It's About Time


Alright, it happened. After the one thousandth time I had a conversation about this topic with other engineers, I’ve decided to write this piece. Time-related bugs are surprisingly common and can be incredibly costly, yet most developers don’t have a solid grasp of how time actually works in software systems. So here’s what everyone should know about time, and also something I can refer people to when I inevitably have this conversation again.

Time is Relative

This is the very first thing you should know about time. Time is relative. What does this mean? It means that what we call time is a construct, a system that tells us when something happened or will happen.

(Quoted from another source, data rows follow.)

Fixpoint mu_bad_mol (m : nat) : list (R * M) :=
  match m with
  | O => nil
  | S m => let s := spike_seq m in
           (weight m / d (sp_a s) (sp_b s), sp_a s) ::
           (- (weight m / d (sp_a s) (sp_b s)), sp_b s) :: mu_bad_mol m
  end.

Lemma mu_bad_mol_spec (m : nat) (chi : M -> R) :
  mol (mu_bad_mol m) chi = fsum m (fun j => weight j * diffq (spike_seq j) chi).
Proof.
  induction m as [|m IH]; [reflexivity|]. rewrite fsum_S, <- IH.
  unfold mol, diffq in *. simpl. unfold Rdiv. ring.
Qed.

Lemma mu_bad_in_free : in_free d x0 mu_bad.
Proof.
  split; [split|].
  - intros a b p q [[Lp Hp] _] [[Lq Hq] _].
    assert (Hser : forall chi L, lipschitz_with d R_dist L chi ->
              ex_series (fun j => weight j * diffq (spike_seq j) chi)).
    { intros chi L H. apply (weighted_series_ex _ L). intros j.
      apply diffq_lipschitz; auto. apply spike_seq_dist. }
    unfold mu_bad. rewrite <- !Series_scal_l, <- Series_plus.
    + apply Series_ext. intros j. rewrite diffq_lin.
      replace (diffq (spike_seq j) (fun x => a * p x)) with (a * diffq (spike_seq j) p)
        by (unfold diffq, Rdiv; ring). ring.
    + apply (ex_series_ext (fun j => scal a (weight j * diffq (spike_seq j) p))); [reflexivity|].
      apply (@ex_series_scal_l R_AbsRing R_NormedModule), (Hser _ _ Hp).
    + apply (ex_series_ext (fun j => scal b (weight j * diffq (spike_seq j) q))); [reflexivity|].
      apply (@ex_series_scal_l R_AbsRing R_NormedModule), (Hser _ _ Hq).
  - exists 1. intros p _ H1. destruct (mu_bad_split p 1 O H1) as [t [E B]].
    rewrite E. simpl in *. rewrite Rplus_0_l. lra.
  - intros e He. destruct (weight_small e He) as [m Hm]. exists (mu_bad_mol m).
    intros p _ H1. destruct (mu_bad_split p 1 m H1) as [t [E B]].
    rewrite E, mu_bad_mol_spec. replace (_ + t - _) with t by ring. lra.
Qed.

Lemma diffq_test_part_close (n m j : nat) (L : R) : lipschitz_with d rho L (f n) ->
  Rabs (diffq (spike_seq j) (fun x => phi_bad (f n x)) -
        diffq (spike_seq j) (fun x => test_part spike_seq m (f n x))) <= 2 * weight m * L.
Proof.
  intros HL. set (a := sp_a (spike_seq j)). set (b := sp_b (spike_seq j)).
  destruct (phi_bad_split (f n a) (f n b) m) as [t [E B]].
  assert (Et : (phi_bad (f n a) - phi_bad (f n b)) -
               (test_part spike_seq m (f n a) - test_part spike_seq m (f n b)) = t).
  { unfold test_part. rewrite E, <- fsum_minus.
    rewrite (fsum_ext m
      (fun l => weight l * (sp_sign (spike_seq l) * tent (spike_seq l) (f n a)) -
                weight l * (sp_sign (spike_seq l) * tent (spike_seq l) (f n b)))
      (fun l => weight l * (sp_sign (spike_seq l) *
                (tent (spike_seq l) (f n a) - tent (spike_seq l) (f n b))))) by (intros; ring).
    ring. }
  unfold diffq. fold a b.
  replace ((phi_bad (f n a) - phi_bad (f n b)) / d a b -
           (test_part spike_seq m (f n a) - test_part spike_seq m (f n b)) / d a b)
    with (t / d a b) by (rewrite <- Et; unfold Rdiv; ring).
  rewrite Rabs_div_pos by apply spike_seq_dist.
  apply Rle_div_l; [apply spike_seq_dist|].
  destruct (weight_bounds m). pose proof (HL a b).
  assert (2 * weight m * rho (f n a) (f n b) <= 2 * weight m * (L * d a b))
    by (apply Rmult_le_compat_l; lra).
  lra.
Qed.

Lemma pairing_part_close (n m : nat) (L : R) : lipschitz_with d rho L (f n) -> 0 <= L ->
  Rabs (mu_bad (fun x => phi_bad (f n x)) - pairing_part spike_seq m n) <= 4 * weight m * L.
Proof.
  intros HL HL0.
  assert (Hchi : lipschitz_with d R_dist (1 * L) (fun x => phi_bad (f n x)))
    by (apply (lipschitz_comp d rho); auto; [apply phi_bad_lip0 | lra]).
  destruct (mu_bad_split _ _ m Hchi) as [t [E B]].
  pose proof (weighted_fsum_close m _ _ (2 * weight m * L)
               ltac:(destruct (weight_bounds m); nra)
               (fun j _ => diffq_test_part_close n m j L HL)) as Hclose.
  unfold pairing_part. rewrite E.
  match goal with |- Rabs (?S1 + t - ?S2) <= _ =>
    replace (S1 + t - S2) with ((S1 - S2) + t) by ring end.
  eapply Rle_trans; [apply Rabs_triang|]. lra.
Qed.

(* The [k]-th spike forces [|<mu_bad, phi_bad o f_n>| >= k] for its index [n]: the weight
   [c_(k+1) = c_k^2 / 16] makes the error [4 c_(k+1) (2 r)] exactly [c_k^2 r / 2]. *)
Lemma pairing_large (k : nat) :
  INR k <= Rabs (mu_bad (fun x => phi_bad (f (sp_n (spike_seq k)) x))).
Proof.
  destruct (spike_seq_good k) as [_ [_ [Hlip [Hr Hbig]]]]. rewrite extend_self in Hbig.
  set (r := slope d rho _ _ _) in *.
  pose proof (pairing_part_close _ (S k) (2 * r) Hlip ltac:(lra)) as Hclose.
  assert (Ew : 4 * weight (S k) * (2 * r) = weight k * weight k * r / 2) by (simpl; field).
  rewrite Ew in Hclose.
  set (P := pairing_part _ _ _) in *. set (V := mu_bad _) in *.
  pose proof (Rabs_triang (V - P) P). replace (V - P + P) with V in H by ring.
  rewrite Rabs_minus_sym in Hclose. pose proof (Rabs_triang (P - V) V).
  replace (P - V + V) with P in H0 by ring. lra.
Qed.

Lemma unbounded_absurd : False.
Proof.
  destruct (hbounded mu_bad phi_bad mu_bad_in_free (proj1 phi_bad_lip0)) as [B HB].
  destruct (INR_archimed 1 B ltac:(lra)) as [k Hk].
  pose proof (pairing_large k). pose proof (HB (sp_n (spike_seq k))). lra.
Qed.

End Unbounded.

Lemma uniformly_lipschitz : exists L, forall n, lipschitz_with d rho L (f n).
Proof.
  apply NNPP. intros H. apply unbounded_absurd. intros L.
  apply not_all_ex_not. intros HL. apply H. exists L. exact HL.
Qed.

End GlidingHump.

Section StrongConvergence.
Variables (M N : Type) (d : M -> M -> R) (rho : N -> N -> R) (x0 : M) (y0 : N).
Hypotheses (hM : is_metric d) (hN : is_metric rho).
Variables (f : nat -> M -> N) (g : M -> N).
Hypotheses (hf : forall n, lip0map d x0 rho y0 (f n)) (hg : lip0map d x0 rho y0 g).
Hypothesis hpointwise : forall x, Un_cv (fun n => rho (f n x) (g x)) 0.

Lemma molecule_error_cv (l : list (R * M)) :
  Un_cv (fun n => fold_right (fun p acc => Rabs (fst p) * rho (f n (snd p)) (g (snd p)) + acc) 0 l) 0.
Proof.
  induction l as [|p l IH]; simpl.
  - intros e He. exists O. intros. unfold R_dist. rewrite Rminus_0_r, Rabs_R0. lra.
  - assert (Hconst : Un_cv (fun _ => Rabs (fst p)) (Rabs (fst p))).
    { intros e He. exists O. intros. unfold R_dist. rewrite Rminus_diag, Rabs_R0. lra. }
    pose proof (CV_plus _ _ _ _ (CV_mult _ _ _ _ Hconst (hpointwise (snd p))) IH) as H.
    rewrite Rmult_0_r, Rplus_0_r in H. exact H.
Qed.

(* With a common Lipschitz constant, [<mu, phi o f_n>] converges to [<mu, phi o g>]
   uniformly over the unit ball of Lip_0(N): approximate [mu] by a molecule. *)
Lemma uniform_convergence (L : R) : (forall n, lipschitz_with d rho L (f n)) ->
  forall mu, in_free d x0 mu -> forall e, e > 0 -> exists K, forall n, (n >= K)%nat ->
  forall phi, lip0 rho y0 phi -> lipschitz_with rho R_dist 1 phi ->
  Rabs (mu (fun x => phi (f n x)) - mu (fun x => phi (g x))) <= e.
Proof.
  intros HL mu Hmu e He.
  destruct (proj1 hg) as [Lg HLg].
  apply (lipschitz_enlarge _ _ hM) in HLg.
  assert (HL' : forall n, lipschitz_with d rho (Rabs L + 1) (f n))
    by (intros; apply (lipschitz_enlarge _ _ hM); auto).
  set (L' := Rabs L + 1) in *. set (Lg' := Rabs Lg + 1) in *.
  assert (HP : L' > 0 /\ Lg' > 0) by (unfold L', Lg'; pose proof (Rabs_pos L); pose proof (Rabs_pos Lg); lra).
  set (eps := e / (2 * (L' + Lg'))).
  assert (Heps : eps * (L' + Lg') = e / 2 /\ eps > 0)
    by (split; [unfold eps; field; lra | apply Rdiv_lt_0_compat; lra]).
  destruct (proj2 Hmu eps (proj2 Heps)) as [l Hl].
  destruct (molecule_error_cv l (e / 2) ltac:(lra)) as [K HK].
  exists K. intros n Hn phi Hphi Hphi1.
  set (nu := fun chi => mu chi - mol l chi) in *.
  assert (Hnu : in_free d x0 nu) by (apply in_free_sub; auto; apply mol_in_free).
  pose proof (comp_pairing_bound M N d rho x0 y0 hM hN (f n) (hf n) nu eps phi L'
                Hnu Hl Hphi Hphi1 (HL' n) ltac:(lra)) as Bf.
  pose proof (comp_pairing_bound M N d rho x0 y0 hM hN g hg nu eps phi Lg'
                Hnu Hl Hphi Hphi1 HLg ltac:(lra)) as Bg.
  assert (Bmol : Rabs (mol l (fun x => phi (f n x)) - mol l (fun x => phi (g x))) <= e / 2).
  { eapply Rle_trans; [apply (mol_diff M l _ _ (fun x => rho (f n x) (g x)))|].
    - intros x. pose proof (Hphi1 (f n x) (g x)). unfold R_dist in H. lra.
    - specialize (HK n Hn). unfold R_dist in HK. rewrite Rminus_0_r in HK.
      eapply Rle_trans; [apply Rle_abs | lra]. }
  replace (mu (fun x => phi (f n x)) - mu (fun x => phi (g x))) with
    (nu (fun x => phi (f n x)) + - nu (fun x => phi (g x)) +
     (mol l (fun x => phi (f n x)) - mol l (fun x => phi (g x)))) by (unfold nu; ring).
  pose proof (Rabs_triang (nu (fun x => phi (f n x))) (- nu (fun x => phi (g x)))).
  rewrite Rabs_Ropp in H.
  eapply Rle_trans; [apply Rabs_triang|]. lra.
Qed.

End StrongConvergence.

Section WeakConvergence.
Variables (M N : Type) (d : M -> M -> R) (rho : N -> N -> R) (x0 : M) (y0 : N).
Hypotheses (hM : is_metric d) (hN : is_metric rho).
Variables (f : nat -> M -> N) (g : M -> N).
Hypotheses (hf : forall n, lip0map d x0 rho y0 (f n)) (hg : lip0map d x0 rho y0 g).

(* Weak operator convergence of the linearizations means, via evaluation functionals,
   convergence of [<mu, phi o f_n>] to [<mu, phi o g>] for all [mu] and [phi]. *)
Lemma wot_pairing_cv (Tf : nat -> functional M -> functional N) (Tg : functional M -> functional N) :
  (forall n, is_linearization d x0 rho y0 (f n) (Tf n)) -> is_linearization d x0 rho y0 g Tg ->
  wot_conv d x0 rho y0 Tf Tg ->
  forall mu phi, in_free d x0 mu -> lip0 rho y0 phi ->
  Un_cv (fun n => mu (fun x => phi (f n x))) (mu (fun x => phi (g x))).
Proof.
  intros hTf hTg hwot mu phi Hmu Hphi.
  pose proof (hwot mu Hmu _ (eval_free_dual N rho y0 hN phi Hphi)) as H. cbv beta in H.
  rewrite (linearization_formula M N d rho x0 y0 hM hN g Tg hg hTg mu phi Hmu Hphi) in H.
  intros e He. destruct (H e He) as [K HK]. exists K. intros n Hn.
  rewrite <- (linearization_formula M N d rho x0 y0 hM hN (f n) (Tf n) (hf n) (hTf n) mu phi Hmu Hphi).
  auto.
Qed.

(* Testing against [delta x] and the distance function to [g x] gives pointwise convergence
   [f_n x -> g x]. *)
Lemma pairing_cv_pointwise :
  (forall mu phi, in_free d x0 mu -> lip0 rho y0 phi ->
     Un_cv (fun n => mu (fun x => phi (f n x))) (mu (fun x => phi (g x)))) ->
  forall x, Un_cv (fun n => rho (f n x) (g x)) 0.
Proof.
  intros hconv x e He.
  destruct (hconv (delta x) _ (delta_in_free M d x0 x) (proj1 (dist_fun_lip0 N rho y0 hN (g x))) e He)
    as [K HK].
  exists K. intros n Hn. specialize (HK n Hn). unfold R_dist, delta in *.
  rewrite (dist_refl N rho hN) in HK.
  replace (rho (f n x) (g x) - rho y0 (g x) - (0 - rho y0 (g x))) with (rho (f n x) (g x) - 0) in HK
    by ring.
  exact HK.
Qed.

End WeakConvergence.

Theorem proposition6p1 (M N : Type) (d : M -> M -> R) (rho : N -> N -> R) (x0 : M) (y0 : N)
  (hM : is_metric d) (hMc : complete d) (hN : is_metric rho) (hNc : complete rho)
  (f : nat -> M -> N) (g : M -> N)
  (hf : forall n, lip0map d x0 rho y0 (f n)) (hg : lip0map d x0 rho y0 g)
  (Tf : nat -> functional M -> functional N) (Tg : functional M -> functional N)
  (hTf : forall n, is_linearization d x0 rho y0 (f n) (Tf n))
  (hTg : is_linearization d x0 rho y0 g Tg)
  (hwot : wot_conv d x0 rho y0 Tf Tg) :
  sot_conv d x0 rho y0 Tf Tg.
Proof.
  pose proof (wot_pairing_cv M N d rho x0 y0 hM hN f g hf hg Tf Tg hTf hTg hwot) as hconv.
  destruct (uniformly_lipschitz M N d rho x0 y0 hM hN f hf
              (fun mu phi Hmu Hphi => cv_bounded _ _ (hconv mu phi Hmu Hphi))) as [L HL].
  intros mu Hmu e He.
  destruct (uniform_convergence M N d rho x0 y0 hM hN f g hf hg
              (pairing_cv_pointwise M N d rho x0 y0 hN f g hconv) L HL mu Hmu e He) as [K HK].
  exists K. intros n Hn phi Hphi Hphi1.
  rewrite (linearization_formula M N d rho x0 y0 hM hN (f n) (Tf n) (hf n) (hTf n) mu phi Hmu Hphi).
  rewrite (linearization_formula M N d rho x0 y0 hM hN g Tg hg hTg mu phi Hmu Hphi).
  apply HK; auto.
Qed.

There are many of such systems, and in plain english we call these systems calendars. For instance, in the Roman world, they would tell time by saying “3 days before the Ides of March”, as it is proper of the Julian Calendar. Later in the Middle Ages, people would adopt the Gregorian Calendar (which is the calendar we use today). But there are many other calendars out there. The Islamic world uses the Hijri Calendar, the Chinese use the Chinese Calendar, the Jewish people use the Hebrew Calendar, and so on.

However, all calendars have one thing in common: they have a specific event in time that determines where the year, month, day count starts. For the Julian Calendar this fact was the foundation of Rome. For the Gregorian Calendar, it is traditionally the birth of Jesus Christ—what we call Anno Domini or AD. For the Islamic Calendar, it is the Hijra, the migration of Muhammad from Mecca to Medina. And so on.

All calendars have a point in time they refer to, and our way of telling time is relative to that point. In this way, we make something that’s essentially relative, a bit more absolute. It’s an implicit agreement that we all start counting from this event.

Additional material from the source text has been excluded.